Re: From Whittaker Chambers’ Review of Atlas Shrugged

In reference to Steve’s post.

There is an excellent account of this internecine feud within the ranks in George Nash’s book The Conservative Intellectual Movement since 1945.  Some conservatives supported Rand, others however, were in Whittaker’s camp, including some of the biggies.  One being Russell Kirk (Burkean champion) of whom Nash said, “While Kirk supported free enterprise and agreed with Rand’s criticism of collectivism, the amassing of wealth was simply not ‘the whole aim of existence’”  A reference to Burke’s “flies of a summer” line.

Another detractor was classical scholar Garry Wills.  His view on Rand he wrote:

“When… John Galt [the hero of Atlas Shrugged] repudiates all obligations to other men, he denies history, that link with one’s ancestors and with all human experience which is the first principle of conservatism.  Galt asserts the immediate perfectibility of man (an achieved perfection in his own case), he is working from the first principle of historical Liberalism. … Ayn Rand’s superman comes from the same source as the Liberal’s perfect society.  Her muscular and Malthusian heroes … are all expressions of Liberalism—the attempt to attain beatitude with a politico-economic program.
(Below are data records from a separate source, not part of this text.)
(* Let $\mathcal{D}$ be an arbitrary distribution on polygonal curves of complexity $m$ whose vertices lie in the unit Euclidean ball $B_2^d$. Let $P=\{\sigma_1,\dots,\sigma_n\}$ be an i.i.d. sample from $\mathcal{D}$ of size $n$. Then the Rademacher and Gaussian complexities for learning the median curve of complexity $m$ under DTW satisfy $\mathcal{R}(P),\mathcal{G}(P)\in\Omega\!\left(\sqrt{m^2/n}\right)$.
   Context: For curves $\sigma=(v_1,\dots,v_{m'})$, $\tau=(w_1,\dots,w_{m''})$, a traversal $T$ is a sequence of index pairs starting with $(1,1)$, ending with $(m',m'')$, each $(i,j)$ followed only by $(i+1,j)$, $(i,j+1)$ or $(i+1,j+1)$; $d_{DTW}(\sigma,\tau)=\min_T\sum_{(i,j)\in T}\|v_i-w_j\|$. Candidate median curves $\psi$ range over curves of complexity $m$ with vertices in $B_2^d$. With independent Rademacher variables $r_i$ and independent standard Gaussians $g_i$, $\mathcal{R}(P)=\mathbb{E}\sup_\psi\left|\frac1n\sum_{i=1}^n d_{DTW}(\sigma_i,\psi)r_i\right|$ and $\mathcal{G}(P)=\mathbb{E}\sup_\psi\left|\frac1n\sum_{i=1}^n d_{DTW}(\sigma_i,\psi)g_i\right|$. *)

From HB Require Import structures.
From mathcomp Require Import all_boot all_order all_algebra.
From mathcomp Require Import all_classical all_reals all_analysis.
Set Implicit Arguments. Unset Strict Implicit. Unset Printing Implicit Defensive.
Import Order.TTheory GRing.Theory Num.Theory.
Local Open Scope classical_set_scope.
Local Open Scope ring_scope.

Section Defs.
Variable R : realType.

Definition enorm (d : nat) (v : 'rV[R]_d) : R :=
  Num.sqrt (\sum_(i < d) (v ord0 i) ^+ 2).

(* A polygonal curve of complexity m in R^d: its sequence of m vertices
   v_1, ..., v_m (indexed 0 .. m-1). *)
Definition curve (d m : nat) := 'I_m -> 'rV[R]_d.

Definition in_unit_ball (d m : nat) (s : curve d m) : Prop :=
  forall k, enorm (s k) <= 1.

Definition trav_step (m1 m2 : nat) (p q : 'I_m1 * 'I_m2) : bool :=
  [|| (val q.1 == (val p.1).+1) && (val q.2 == val p.2),
      (val q.1 == val p.1) && (val q.2 == (val p.2).+1) |
      (val q.1 == (val p.1).+1) && (val q.2 == (val p.2).+1)].

(* The sequence x :: s of index pairs is a traversal: it starts at the first
   pair (1,1) (0-based: (0,0)), ends at (m1,m2) (0-based: (m1-1,m2-1)), and
   each pair is followed by an admissible successor. *)
Definition is_traversal (m1 m2 : nat) (x : 'I_m1 * 'I_m2) (s : seq ('I_m1 * 'I_m2)) : bool :=
  [&& val x.1 == 0%N, val x.2 == 0%N, path (@trav_step m1 m2) x s,
      val (last x s).1 == m1.-1 & val (last x s).2 == m2.-1].

Definition dtw (d m1 m2 : nat) (s : curve d m1) (t : curve d m2) : R :=
  inf [set c | exists x (T : seq ('I_m1 * 'I_m2)),
         is_traversal x T /\ c = \sum_(p <- x :: T) enorm (s p.1 - t p.2)].

Definition sup_dev (d m n : nat) (P : 'I_n -> curve d m) (r : 'I_n -> R) : R :=
  sup [set (`| (n%:R)^-1 * \sum_(i < n) dtw (P i) psi * r i |)
        | psi in [set psi : curve d m | in_unit_ball psi]].

Definition rademacher (d m n : nat) (P : 'I_n -> curve d m) : R :=
  (2 ^+ n)^-1 * \sum_(b : {ffun 'I_n -> bool})
                  sup_dev P (fun i => if b i then 1 else -1).

(* Expectation of f(g_0, ..., g_{n-1}) for independent standard Gaussians g_i,
   written as the iterated integral against the standard normal law. *)
Fixpoint gauss_expect (n : nat) (f : (nat -> R) -> R) : R :=
  match n with
  | 0 => f (fun _ => 0)
  | k.+1 => Rintegral (normal_prob 0 1) setT
              (fun x => gauss_expect k (fun g => f (fun i => if i == k then x else g i)))
  end.

Definition gaussian (d m n : nat) (P : 'I_n -> curve d m) : R :=
  gauss_expect n (fun g => sup_dev P (fun i => g (val i))).

End Defs.

(* Pick the constant median curve psi = e or -e (e a unit vector) for which
   sum_i dtw(sigma_i, psi) >= m n: a traversal visits every vertex v_k of
   sigma_i, so dtw(sigma_i, e) + dtw(sigma_i, -e) >= sum_k (|v_k - e| + |v_k + e|)
   >= 2 m.  With a_i = dtw(sigma_i, psi), Cauchy-Schwarz gives |a|_2 >= m sqrt n,
   and both complexities dominate E |sum_i a_i x_i| / n.  A Khintchine-type
   bound E |sum_i a_i x_i| >= c |a|_2 finishes: for signs it follows from
   |y| >= 3y^2/(4t) - y^4/(16t^3) (t = |a|_2) and the second and fourth moments,
   for Gaussians from |y| >= t (1 - exp(-y^2/(2t^2))) and the closed form of
   the Gaussian integral of exp(-lam (b + a x)^2). *)

From HB Require Import structures.
From mathcomp Require Import all_boot all_order all_algebra.
From mathcomp Require Import all_classical all_reals all_analysis.
From mathcomp Require Import measurable_realfun.
From mathcomp Require Import ring lra.
Import Order.TTheory GRing.Theory Num.Theory.
Local Open Scope ring_scope.
Set Implicit Arguments. Unset Strict Implicit. Unset Printing Implicit Defensive.
Local Open Scope classical_set_scope.

Section integral_monotonicity.
Context d (T : measurableType d) (R : realType) (mu : measure T R).
Local Open Scope ereal_scope.

(* No measurability hypothesis: partial Gaussian expectations are not known
   to be measurable. *)
Lemma ge0_le_integralT (f h : T -> \bar R) :
  (forall x, 0 <= f x) -> (forall x, f x <= h x) ->
  \int[mu]_x f x <= \int[mu]_x h x.
Proof.
move=> f0 fh; rewrite !ge0_integralTE //; last by move=> x; exact: le_trans (f0 x) (fh x).
apply: ereal_sup_le => _ [s sf <-]; exists s => //= x.
exact: le_trans (sf x) (fh x).
Qed.

End integral_monotonicity.

Section probability_affine.
Context d (T : measurableType d) (R : realType) (P : probability T R).
Variable f : T -> R.
Hypothesis intf : P.-integrable setT (EFin \o f).

Lemma integrable_affine (al be : R) :
  P.-integrable setT (fun x => (al + be * f x)%:E).
Proof.
have := integrableD measurableT (finite_measure_integrable_cst P al measurableT)
  (integrableZl measurableT be intf).
exact: eq_integrable.
Qed.

Lemma Rintegral_affine (al be : R) :
  \int[P]_x (al + be * f x) = al + be * \int[P]_x f x.
Proof.
have intbf : P.-integrable setT (EFin \o (fun x => be * f x)).
  exact: eq_integrable (integrableZl measurableT be intf).
rewrite RintegralD //; last exact: finite_measure_integrable_cst.
by rewrite Rintegral_cst // [X in fine X](probability_setT P) mulr1 RintegralZl.
Qed.

End probability_affine.

Section normal_integrals.
Context (R : realType).
Notation mu := (@lebesgue_measure R).
Local Open Scope ereal_scope.
Import HBNNSimple.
Tough stuff indeed.  Nash summed up Will’s view of her with “It was the worst of errors to allow the doctrinaire, laissez-faire, utopian Objectivist to reside within the conservative fold.”

Even, at that time, the eventual founder of Fusionism, Frank Meyer, rebuked her, “Ayn Rand was guilty of “calculated cruelties” and the presentation of an arid subhuman image of man.”  And this is from the guy who, only less than 10 years later had changed his larger view of libertarianism and came up with Fusionism.  The philosophy of fusing conservative and libertarian thought, harnessing both intellectual sides and focusing them at the common enemy: The Statists.

The primary vehicle undergirded by and promoting Fusionism, fighting the fight back then in the 1960’s, is still alive today: The National Review.  Given all that, some today think the conservatives of the late 50’s were too harsh on Rand.  Regardless, she was bitter about it and never forgave them, and they didn’t ask her to.